[RECORDED DATA — start]
Definition normXTv (n p : nat) (s : sample) (v : nat -> R) : R :=
  Rsum p (fun j => Rabs (Rsum n (fun i => entry p s i j * v i))).

Definition Expect (n p : nat) (theta : R) (f : sample -> R) : R :=
  fold_right (fun s acc => weight theta s * f s + acc) 0 (samples (n * p)).

Definition mu (n p : nat) (theta : R) (v : nat -> R) : R :=
  Expect n p theta (fun s => normXTv n p s v).

Definition ProbGe (n p : nat) (theta : R) (f : sample -> R) (t : R) : R :=
  Expect n p theta (fun s => if Rle_dec t (f s) then 1 else 0).

Definition l1norm (n : nat) (v : nat -> R) : R := Rsum n (fun i => Rabs (v i)).

From Stdlib Require Import Reals Lra Lia Psatz List ZArith.
Open Scope R_scope.

(* ||X^T v||_1 - ||X^T w||_1 is the sum over the independent columns X_j of
   Y_j = |<X_j, v>| - |<X_j, w>|, and |Y_j| <= |<X_j, v - w>|.  Every coordinate
   of v - w is at most 2 alpha and ||v - w||_2^2 <= 4 alpha, so the moment
   generating function of <X_j, v - w> at mu is at most exp (56 theta mu^2 alpha)
   while |mu| alpha <= 1/2; via cosh estimates this bounds the moment generating
   function of the centred Y_j.  A Chernoff bound with the optimal lambda gives the
   tail exp (- t^2 / (4 K p theta alpha)), K = 1347 * 224, at t = 5T/6, the remaining
   T/6 absorbing mu_v - mu_w, and p >= C n log^3 n makes this at most
   exp (- 6 log n / alpha). *)

(* [Expect n p th] is [Ex th (n * p)]; the number of cells is generalised for induction. *)
Definition Ex (th : R) (k : nat) (f : sample -> R) : R :=
  fold_right (fun s acc => weight th s * f s + acc) 0 (samples k).

Definition Ex1 (th : R) (g : bool * bool -> R) : R :=
  th / 2 * g (true, true) + th / 2 * g (true, false)
  + (1 - th) / 2 * g (false, true) + (1 - th) / 2 * g (false, false).

Lemma Ex1_ext th f g : (forall e, f e = g e) -> Ex1 th f = Ex1 th g.
Proof. intro Hfg; unfold Ex1; rewrite !Hfg; reflexivity. Qed.

Lemma Ex1_scal th c g : Ex1 th (fun e => c * g e) = c * Ex1 th g.
Proof. unfold Ex1; ring. Qed.

Lemma Ex1_const th c : Ex1 th (fun _ => c) = c.
Proof. unfold Ex1; field. Qed.

Lemma Ex1_le th f g : 0 <= th <= 1 -> (forall e, f e <= g e) -> Ex1 th f <= Ex1 th g.
Proof.
  intros Hth Hfg; unfold Ex1.
  pose proof (Hfg (true, true)); pose proof (Hfg (true, false)).
  pose proof (Hfg (false, true)); pose proof (Hfg (false, false)).
  nra.
Qed.

Lemma Ex_0 th f : Ex th 0 f = f nil.
Proof. unfold Ex; simpl; ring. Qed.

Lemma Ex_S th k f : Ex th (S k) f = Ex th k (fun s => Ex1 th (fun e => f (e :: s))).
Proof.
  unfold Ex; simpl samples.
  induction (samples k) as [|s ss IH]; simpl; [reflexivity|].
  rewrite IH; unfold Ex1; field.
Qed.

Lemma Ex_ext th k f g : (forall s, f s = g s) -> Ex th k f = Ex th k g.
Proof.
  intro Hfg; unfold Ex.
  induction (samples k); simpl; [reflexivity|]; rewrite Hfg, IHl; reflexivity.
Qed.

Lemma Ex_lin th k a b f g :
  Ex th k (fun s => a * f s + b * g s) = a * Ex th k f + b * Ex th k g.
Proof. unfold Ex; induction (samples k); simpl; [ring|]; rewrite IHl; ring. Qed.

Lemma Ex_plus th k f g : Ex th k (fun s => f s + g s) = Ex th k f + Ex th k g.
Proof.
  rewrite <- (Rmult_1_l (Ex th k f)), <- (Rmult_1_l (Ex th k g)), <- Ex_lin.
  apply Ex_ext; intro; ring.
Qed.

Lemma Ex_scal th k a f : Ex th k (fun s => a * f s) = a * Ex th k f.
Proof.
  rewrite <- (Rplus_0_r (a * _)), <- (Rmult_0_l (Ex th k f)), <- Ex_lin.
  apply Ex_ext; intro; ring.
Qed.

Lemma Ex_minus th k f g : Ex th k (fun s => f s - g s) = Ex th k f - Ex th k g.
Proof.
  replace (Ex th k f - Ex th k g) with (1 * Ex th k f + (-1) * Ex th k g) by ring.
  rewrite <- Ex_lin; apply Ex_ext; intro; ring.
Qed.

Lemma Ex_const th k c : Ex th k (fun _ => c) = c.
Proof.
  induction k as [|k IH]; [apply Ex_0|].
  rewrite Ex_S, (Ex_ext _ _ _ (fun _ => c)); [exact IH | intro; apply Ex1_const].
Qed.

Section Monotonicity.

Variable th : R.
Hypothesis th_range : 0 <= th <= 1.

Lemma Ex_le k f g : (forall s, f s <= g s) -> Ex th k f <= Ex th k g.
Proof.
  revert f g; induction k as [|k IH]; intros f g Hfg.
  - rewrite !Ex_0; apply Hfg.
  - rewrite !Ex_S; apply IH; intro s; apply Ex1_le; auto.
Qed.

Lemma Ex_nonneg k f : (forall s, 0 <= f s) -> 0 <= Ex th k f.
Proof. intro Hf; rewrite <- (Ex_const th k 0); apply Ex_le, Hf. Qed.

Lemma Rabs_Ex_le k f : Rabs (Ex th k f) <= Ex th k (fun s => Rabs (f s)).
Proof.
  apply Rabs_le; split.
  - replace (- Ex th k (fun s => Rabs (f s))) with (Ex th k (fun s => -1 * Rabs (f s)))
      by (rewrite Ex_scal; ring).
    apply Ex_le; intro s; pose proof (Rle_abs (- f s)); rewrite Rabs_Ropp in *; lra.
  - apply Ex_le; intro s; apply Rle_abs.
Qed.

End Monotonicity.

Definition depends_only_on (A : nat -> bool) (g : sample -> R) : Prop :=
  forall s t, (forall i, A i = true -> nth i s (false, false) = nth i t (false, false)) ->
  g s = g t.

Lemma depends_only_on_mono A B g :
  (forall i, A i = true -> B i = true) -> depends_only_on A g -> depends_only_on B g.
Proof. intros HAB Hg s t Hst; apply Hg; intros i Hi; apply Hst, HAB, Hi. Qed.

Lemma depends_only_on_tail A g e :
  depends_only_on A g -> depends_only_on (fun i => A (S i)) (fun s => g (e :: s)).
Proof. intros Hg s t Hst; apply Hg; intros [|i] Hi; simpl; auto. Qed.

Lemma depends_only_on_Ex1_head th A g :
  depends_only_on A g ->
  depends_only_on (fun i => A (S i)) (fun s => Ex1 th (fun e => g (e :: s))).
Proof.
  intros Hg s t Hst; unfold Ex1.
  rewrite !(depends_only_on_tail _ _ _ Hg s t Hst); reflexivity.
Qed.

Lemma depends_only_on_head A g e s :
  A 0%nat = false -> depends_only_on A g -> g (e :: s) = g ((false, false) :: s).
Proof. intros HA0 Hg; apply Hg; intros [|i] Hi; simpl; [congruence | reflexivity]. Qed.

Lemma Ex_mul_indep th k : forall A g h,
  depends_only_on A g -> depends_only_on (fun i => negb (A i)) h ->
  Ex th k (fun s => h s * g s) = Ex th k h * Ex th k g.
Proof.
  induction k as [|k IH]; intros A g h Hg Hh; [rewrite !Ex_0; reflexivity|].
  assert (Hhead_free : forall A g h, depends_only_on A g ->
            depends_only_on (fun i => negb (A i)) h -> A 0%nat = false ->
            Ex th (S k) (fun s => h s * g s) = Ex th (S k) h * Ex th (S k) g).
  { clear A g h Hg Hh; intros A g h Hg Hh HA0; rewrite !Ex_S.
    assert (Hg0 : forall e s, g (e :: s) = g ((false, false) :: s))
      by (intros; exact (depends_only_on_head _ _ _ _ HA0 Hg)).
    transitivity (Ex th k (fun s => Ex1 th (fun e => h (e :: s)) * g ((false, false) :: s))).
    { apply Ex_ext; intro s.
      rewrite (Ex1_ext th _ (fun e => g ((false, false) :: s) * h (e :: s)))
        by (intro; rewrite Hg0; ring).
      rewrite Ex1_scal; ring. }
    rewrite (IH (fun i => A (S i))).
    - f_equal; apply Ex_ext; intro s.
      rewrite (Ex1_ext th _ (fun _ => g ((false, false) :: s))) by (intro; apply Hg0).
      symmetry; apply Ex1_const.
    - exact (depends_only_on_tail _ _ _ Hg).
    - exact (depends_only_on_Ex1_head th _ _ Hh). }
  destruct (A 0%nat) eqn:HA0; [|now apply (Hhead_free A)].
  rewrite Rmult_comm, (Ex_ext _ _ _ (fun s => g s * h s)) by (intro; ring).
  apply (Hhead_free (fun i => negb (A i))); [exact Hh| |now rewrite HA0].
  apply (depends_only_on_mono A); [intros i Hi; now rewrite Hi | exact Hg].
Qed.

Fixpoint Rprod (k : nat) (f : nat -> R) : R :=
  match k with
  | O => 1
  | S k' => Rprod k' f * f k'
  end.

Lemma Rsum_ext k f g : (forall i, (i < k)%nat -> f i = g i) -> Rsum k f = Rsum k g.
Proof. induction k; intro H; simpl; [reflexivity|]; rewrite IHk, H; auto. Qed.

Lemma Rprod_ext k f g : (forall i, (i < k)%nat -> f i = g i) -> Rprod k f = Rprod k g.
Proof. induction k; intro H; simpl; [reflexivity|]; rewrite IHk, H; auto. Qed.

Lemma Rsum_plus k f g : Rsum k (fun i => f i + g i) = Rsum k f + Rsum k g.
Proof. induction k; simpl; [ring|]; rewrite IHk; ring. Qed.

Lemma Rsum_minus k f g : Rsum k (fun i => f i - g i) = Rsum k f - Rsum k g.
Proof. induction k; simpl; [ring|]; rewrite IHk; ring. Qed.

Lemma Rsum_scal k a f : Rsum k (fun i => a * f i) = a * Rsum k f.
Proof. induction k; simpl; [ring|]; rewrite IHk; ring. Qed.

Lemma Rsum_le k f g : (forall i, (i < k)%nat -> f i <= g i) -> Rsum k f <= Rsum k g.
Proof. induction k; intro H; simpl; [lra|]; apply Rplus_le_compat; auto. Qed.

Lemma Rprod_nonneg k f : (forall i, (i < k)%nat -> 0 <= f i) -> 0 <= Rprod k f.
Proof. induction k; intro H; simpl; [lra|]; apply Rmult_le_pos; auto. Qed.

Lemma Rprod_le k f g : (forall i, (i < k)%nat -> 0 <= f i <= g i) -> Rprod k f <= Rprod k g.
Proof.
  induction k; intro H; simpl; [lra|].
  apply Rmult_le_compat; try apply H; auto.
  apply Rprod_nonneg; intros i Hi; apply H; auto.
Qed.

Lemma exp_Rsum k f : exp (Rsum k f) = Rprod k (fun i => exp (f i)).
Proof. induction k; simpl; [apply exp_0|]; rewrite exp_plus, IHk; reflexivity. Qed.

Lemma Rprod_exp_const k c : Rprod k (fun _ => exp c) = exp (INR k * c).
Proof.
  induction k; simpl Rprod; [rewrite Rmult_0_l, exp_0; reflexivity|].
  rewrite IHk, <- exp_plus, S_INR; f_equal; ring.
Qed.

Lemma Ex_Rsum th k q F :
  Ex th k (fun s => Rsum q (fun i => F i s)) = Rsum q (fun i => Ex th k (F i)).
Proof. induction q; simpl; [apply Ex_const|]; rewrite Ex_plus, IHq; reflexivity. Qed.

Lemma depends_only_on_Rprod A q F :
  (forall i, (i < q)%nat -> depends_only_on A (F i)) ->
  depends_only_on A (fun s => Rprod q (fun i => F i s)).
Proof.
  intros HF s t Hst; apply Rprod_ext; intros i Hi; exact (HF i Hi s t Hst).
Qed.

Lemma Ex_Rprod_indep th k q F (A : nat -> nat -> bool) :
  (forall i, (i < q)%nat -> depends_only_on (A i) (F i)) ->
  (forall i i' m, (i < i' < q)%nat -> A i m = true -> A i' m = false) ->
  Ex th k (fun s => Rprod q (fun i => F i s)) = Rprod q (fun i => Ex th k (F i)).
Proof.
  induction q as [|q IH]; intros HF Hdisj; simpl; [apply Ex_const|].
  rewrite (Ex_mul_indep th k (A q)), IH.
  - reflexivity.
  - intros i Hi; apply HF; lia.
  - intros i i' m Hii'; apply Hdisj; lia.
  - apply HF; lia.
  - apply depends_only_on_Rprod; intros i Hi.
    apply (depends_only_on_mono (A i)); [|apply HF; lia].
    intros m Hm; rewrite (Hdisj i q m); auto.
Qed.

Lemma Ex_nth th k pos G : (pos < k)%nat ->
  Ex th k (fun s => G (nth pos s (false, false))) = Ex1 th G.
Proof.
  revert pos; induction k as [|k IH]; intros pos Hpos; [lia|].
  rewrite Ex_S; destruct pos as [|pos]; simpl.
  - apply Ex_const.
  - rewrite <- (IH pos) by lia; apply Ex_ext; intro; apply Ex1_const.
Qed.

Lemma exp_le_exp x y : x <= y -> exp x <= exp y.
Proof. intro H; destruct (Req_dec x y) as [->|]; [lra|]; left; apply exp_increasing; lra. Qed.

Lemma exp_mul_exp_opp x : exp x * exp (- x) = 1.
Proof. rewrite <- exp_plus, Rplus_opp_r; apply exp_0. Qed.

Lemma exp_sub1_le_3x x : 0 <= x <= 1 -> exp x - 1 <= 3 * x.
Proof.
  intro Hx.
  assert (Hconv : exp x - 1 <= x * exp x).
  { pose proof (exp_ineq1_le (- x)); pose proof (exp_mul_exp_opp x); pose proof (exp_pos x); nra. }
  pose proof (exp_le_exp x 1 (proj2 Hx)); pose proof exp_le_3; nra.
Qed.

Lemma cosh_opp u : cosh (- u) = cosh u.
Proof. unfold cosh; rewrite Ropp_involutive; field. Qed.

Lemma cosh_Rabs u : cosh (Rabs u) = cosh u.
Proof. unfold Rabs; destruct (Rcase_abs u); [apply cosh_opp | reflexivity]. Qed.

Lemma cosh_ge_1 u : 1 <= cosh u.
Proof. unfold cosh; pose proof (exp_ineq1_le u); pose proof (exp_ineq1_le (- u)); lra. Qed.

Lemma cosh_le_nonneg a b : 0 <= a <= b -> cosh a <= cosh b.
Proof.
  intro Hab; unfold cosh.
  (* e^b - e^a >= e^-a - e^-b because e^-a e^-b <= 1 *)
  pose proof (exp_le_exp a b (proj2 Hab)); pose proof (exp_le_exp (- b) (- a) ltac:(lra)).
  pose proof (exp_mul_exp_opp a); pose proof (exp_mul_exp_opp b).
  pose proof (exp_pos (- a)); pose proof (exp_pos (- b)).
  assert (exp (- a) * exp (- b) <= 1).
  { rewrite <- exp_plus, <- exp_0; apply exp_le_exp; lra. }
  assert (exp (- a) - exp (- b) = (exp b - exp a) * exp (- a) * exp (- b)) by nra.
  nra.
Qed.

Lemma cosh_le_Rabs u v : Rabs u <= Rabs v -> cosh u <= cosh v.
Proof.
  intro H; rewrite <- cosh_Rabs, <- (cosh_Rabs v).
  apply cosh_le_nonneg; split; [apply Rabs_pos | exact H].
Qed.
[RECORDED DATA — finish]
WHAT TO WORK ON - Look through the data above for the string "Definition" and copy every line where it appears.

RESULT OF THE TASK -
Definition normXTv (n p : nat) (s : sample) (v : nat -> R) : R :=
Definition Expect (n p : nat) (theta : R) (f : sample -> R) : R :=
Definition mu (n p : nat) (theta : R) (v : nat -> R) : R :=
Definition ProbGe (n p : nat) (theta : R) (f : sample -> R) (t : R) : R :=
Definition l1norm (n : nat) (v : nat -> R) : R := Rsum n (fun i => Rabs (v i)).
Definition Ex (th : R) (k : nat) (f : sample -> R) : R :=
Definition Ex1 (th : R) (g : bool * bool -> R) : R :=
Definition depends_only_on (A : nat -> bool) (g : sample -> R) : Prop :=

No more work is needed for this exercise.